EXERCISE DIRECTIONS – The required output consists solely of the lines from the line containing "K. rewrite <- vecmx_assoc." through the end of the records, copied exactly.

Dataset excerpts

Lemma is_series_vecmx (U : nat -> nat -> R) : (forall i, subprob (U i)) ->
  is_series (vecmx a U) (Series (fun i => a i * Series (U i))).
Proof.
  intros U_sub. destruct a_sub as (a_ge0 & a_sum & _).
  rewrite <- (Series_ext (fun i => Series (fun l => a i * U i l)))
    by (intro i; apply Series_scal_l).
  apply is_series_Series_swap.
  - intros i l. apply Rmult_le_pos; [apply a_ge0 | apply (U_sub i)].
  - intro i. apply (ex_series_scal_l (a i) (U i)), (U_sub i).
  - apply (ex_series_nonneg_le _ a); [|exact a_sum]. intro i.
    rewrite Series_scal_l. destruct (subprob_Series_bounds _ (U_sub i)).
    pose proof (a_ge0 i). split; nra.
Qed.

Lemma is_series_vecmx_assoc (V : nat -> nat -> R) (c : nat -> R) :
  (forall g, subprob (V g)) -> (forall h, 0 <= c h <= 1) ->
  is_series (fun h => vecmx a V h * c h) (Series (fun g => a g * Series (fun h => V g h * c h))).
Proof.
  intros V_sub c_bounds.
  apply (is_series_ext (vecmx a (fun g h => V g h * c h))).
  - intro h. unfold vecmx. rewrite <- Series_scal_r. apply Series_ext. intro g. ring.
  - apply is_series_vecmx. intro g. now apply subprob_mul.
Qed.

Lemma vecmx_assoc (V : nat -> nat -> R) (c : nat -> R) :
  (forall g, subprob (V g)) -> (forall h, 0 <= c h <= 1) ->
  Series (fun h => vecmx a V h * c h) = Series (fun g => a g * Series (fun h => V g h * c h)).
Proof.
  intros V_sub c_bounds. exact (is_series_unique _ _ (is_series_vecmx_assoc V c V_sub c_bounds)).
Qed.

Lemma is_series_weighted_swap (b : nat -> R) (T : nat -> nat -> R) :
  subprob b -> (forall i j, 0 <= T i j <= 1) ->
  is_series (fun j => b j * Series (fun i => a i * T i j))
            (Series (fun i => a i * Series (fun j => b j * T i j))).
Proof.
  intros b_sub T_bounds.
  apply (is_series_ext (vecmx a (fun i j => b j * T i j))).
  - intro j. unfold vecmx. rewrite <- Series_scal_l. apply Series_ext. intro i. ring.
  - apply is_series_vecmx. intro i. now apply subprob_mul.
Qed.

End Mixtures.

Lemma vecmx_simplex (a : nat -> R) (U : nat -> nat -> R) :
  in_simplex a -> (forall i, in_simplex (U i)) -> in_simplex (vecmx a U).
Proof.
  intros a_simplex U_simplex. pose proof a_simplex as [a_ge0 a_sum].
  assert (entry_bounds : forall i l, 0 <= a i * U i l <= a i).
  { intros i l. destruct (subprob_bounds _ (in_simplex_subprob (U_simplex i)) l).
    pose proof (a_ge0 i). split; nra. }
  split.
  - intro l. apply Series_ge0; [intro i; apply entry_bounds|].
    apply (ex_series_nonneg_le _ a); [intro i; apply entry_bounds | now exists 1].
  - replace 1 with (Series (fun i => a i * Series (U i))).
    + apply is_series_vecmx; [exact (in_simplex_subprob a_simplex)|].
      intro i. exact (in_simplex_subprob (U_simplex i)).
    + rewrite <- (is_series_unique _ _ a_sum). apply Series_ext. intro i.
      rewrite (is_series_unique _ _ (proj2 (U_simplex i))). ring.
Qed.

Section QSP.
Variables (P : cube) (x0 : nat -> R).
Hypothesis hP : is_qsp P x0.

Lemma P_simplex s t i j : (s < t)%nat -> in_simplex (P s t i j).
Proof. intro st. destruct hP as (_ & _ & P_ge0 & P_sum & _). split; auto. Qed.

Lemma P_bounds s t i j k : (s < t)%nat -> 0 <= P s t i j k <= 1.
Proof. intro st. exact (subprob_bounds _ (in_simplex_subprob (P_simplex s t i j st)) k). Qed.

Lemma Hmat_vecmx m n i j : Hmat P x0 m n i j = vecmx (xr P x0 m) (P m n i) j.
Proof. apply Series_ext. intro l. apply Rmult_comm. Qed.

Lemma xr_vecmx_Hmat0 r k : (0 < r)%nat -> xr P x0 r k = vecmx x0 (Hmat P x0 0 r) k.
Proof.
  destruct r as [|r]; [lia|]. intros _.
  apply Series_ext. intro i. apply Series_ext_scal_l. intro j. simpl. ring.
Qed.

Lemma xr_simplex r : in_simplex (xr P x0 r).
Proof.
  destruct r as [|r]; [exact (proj1 hP)|].
  apply (in_simplex_ext (vecmx x0 (Hmat P x0 0 (S r)))).
  { intro k. symmetry. apply xr_vecmx_Hmat0. lia. }
  apply vecmx_simplex; [exact (proj1 hP)|]. intro i.
  apply (in_simplex_ext (vecmx x0 (P 0%nat (S r) i))); [intro j; symmetry; apply Hmat_vecmx|].
  apply vecmx_simplex; [exact (proj1 hP)|]. intro l. apply P_simplex. lia.
Qed.

Lemma Hmat_simplex m n i : (m < n)%nat -> in_simplex (Hmat P x0 m n i).
Proof.
  intro mn. apply (in_simplex_ext (vecmx (xr P x0 m) (P m n i))).
  { intro j. symmetry. apply Hmat_vecmx. }
  apply vecmx_simplex; [apply xr_simplex | intro l; now apply P_simplex].
Qed.

Lemma Hmat_bounds m n i j : (m < n)%nat -> 0 <= Hmat P x0 m n i j <= 1.
Proof. intro mn. exact (subprob_bounds _ (in_simplex_subprob (Hmat_simplex m n i mn)) j). Qed.

Lemma Hmat_chapman_kolmogorov_typeA : typeA P x0 -> forall m n l,
  (m < n)%nat -> (n < l)%nat -> forall i j,
  is_series (fun k => Hmat P x0 m n i k * Hmat P x0 n l k j) (Hmat P x0 m l i j).
Proof.
  intros hA m n l mn nl i j.
  assert (P_row : forall a, P m l i a j = Series (fun k => P m n i a k * Hmat P x0 n l k j)).
  { intro a. rewrite (hA m n l mn nl). apply Series_ext. intro k.
    apply Series_ext_scal_l. intro b. ring. }
  replace (Hmat P x0 m l i j)
    with (Series (fun a => xr P x0 m a * Series (fun k => P m n i a k * Hmat P x0 n l k j))).
  - apply (is_series_ext (fun k => vecmx (xr P x0 m) (P m n i) k * Hmat P x0 n l k j)).
    { intro k. now rewrite (Hmat_vecmx m n i k). }
    apply is_series_vecmx_assoc.
    + exact (in_simplex_subprob (xr_simplex m)).
    + intro a. exact (in_simplex_subprob (P_simplex m n i a mn)).
    + intro k. now apply Hmat_bounds.
  - rewrite Hmat_vecmx. apply Series_ext. intro a. now rewrite P_row.
Qed.

Section TypeB.
Hypothesis hB : typeB P x0.

Lemma typeB_factor s r t i j k : (s < r)%nat -> (r < t)%nat ->
  P s t i j k =
  Series (fun l => Hmat P x0 s r i l * Series (fun h => Hmat P x0 s r j h * P r t l h k)).
Proof.
  intros sr rt.
  set (x := xr P x0 s).
  set (T l := Series (fun h => Hmat P x0 s r j h * P r t l h k)).
  assert (T_bounds : forall l, 0 <= T l <= 1).
  { intro l. apply subprob_Series_bounds, subprob_mul.
    - exact (in_simplex_subprob (Hmat_simplex s r j sr)).
    - intro h. now apply P_bounds. }
  assert (T_vecmx : forall l,
    Series (fun g => x g * Series (fun h => P s r j g h * P r t l h k)) = T l).
  { intro l. rewrite <- vecmx_assoc.
    - apply Series_ext. intro h. now rewrite Hmat_vecmx.
    - exact (in_simplex_subprob (xr_simplex s)).
    - intro g. exact (in_simplex_subprob (P_simplex s r j g sr)).
    - intro h. now apply P_bounds. }
  rewrite (hB s r t sr rt). fold x.
  transitivity (Series (fun m => x m * Series (fun l => P s r i m l * T l))).
  - apply Series_ext. intro m. apply Series_ext_scal_l. intro l.
    rewrite <- T_vecmx, <- Rmult_assoc. apply Series_ext_scal_l. intro g.
    rewrite <- Rmult_assoc. apply Series_ext_scal_l. intro h. ring.
  - rewrite <- vecmx_assoc.
    + apply Series_ext. intro l. now rewrite Hmat_vecmx.
    + exact (in_simplex_subprob (xr_simplex s)).
    + intro m. exact (in_simplex_subprob (P_simplex s r i m sr)).
    + exact T_bounds.
Qed.

Lemma Hmat_chapman_kolmogorov_typeB m n l : (m < n)%nat -> (n < l)%nat ->
  (forall h, xr P x0 n h = vecmx (xr P x0 m) (Hmat P x0 m n) h) -> forall i j,
  is_series (fun k => Hmat P x0 m n i k * Hmat P x0 n l k j) (Hmat P x0 m l i j).
Proof.
  intros mn nl xr_n i j.
  set (x := xr P x0 m).
  set (K a d := Series (fun h => Hmat P x0 m n a h * P n l d h j)).
  assert (K_bounds : forall a d, 0 <= K a d <= 1).
  { intros a d. apply subprob_Series_bounds, subprob_mul.
    - exact (in_simplex_subprob (Hmat_simplex m n a mn)).
    - intro h. now apply P_bounds. }
  assert (K_average : forall d, Series (fun a => x a * K a d) = Hmat P x0 n l d j).
  { intro d. unfold K. rewrite <- vecmx_assoc.
    - apply Series_ext. intro h. rewrite <- xr_n. apply Rmult_comm.
    - exact (in_simplex_subprob (xr_simplex m)).
    - intro a. exact (in_simplex_subprob (Hmat_simplex m n a mn)).
    - intro h. now apply P_bounds. }
  replace (Hmat P x0 m l i j)
    with (Series (fun a => x a * Series (fun d => Hmat P x0 m n i d * K a d))).
  - apply (is_series_ext (fun d => Hmat P x0 m n i d * Series (fun a => x a * K a d))).
    { intro d. now rewrite K_average. }
    apply is_series_weighted_swap.
    + exact (in_simplex_subprob (xr_simplex m)).
    + exact (in_simplex_subprob (Hmat_simplex m n i mn)).
    + exact K_bounds.
  - rewrite Hmat_vecmx. apply Series_ext. intro a. now rewrite (typeB_factor m n l i a j).
Qed.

SOLVED EXERCISE –
  { intro d. unfold K. rewrite <- vecmx_assoc.
    - apply Series_ext. intro h. rewrite <- xr_n. apply Rmult_comm.
    - exact (in_simplex_subprob (xr_simplex m)).
    - intro a. exact (in_simplex_subprob (Hmat_simplex m n a mn)).
    - intro h. now apply P_bounds. }
  replace (Hmat P x0 m l i j)
    with (Series (fun a => x a * Series (fun d => Hmat P x0 m n i d * K a d))).
  - apply (is_series_ext (fun d => Hmat P x0 m n i d * Series (fun a => x a * K a d))).
    { intro d. now rewrite K_average. }
    apply is_series_weighted_swap.
    + exact (in_simplex_subprob (xr_simplex m)).
    + exact (in_simplex_subprob (Hmat_simplex m n i mn)).
    + exact K_bounds.
  - rewrite Hmat_vecmx. apply Series_ext. intro a. now rewrite (typeB_factor m n l i a j).
Qed.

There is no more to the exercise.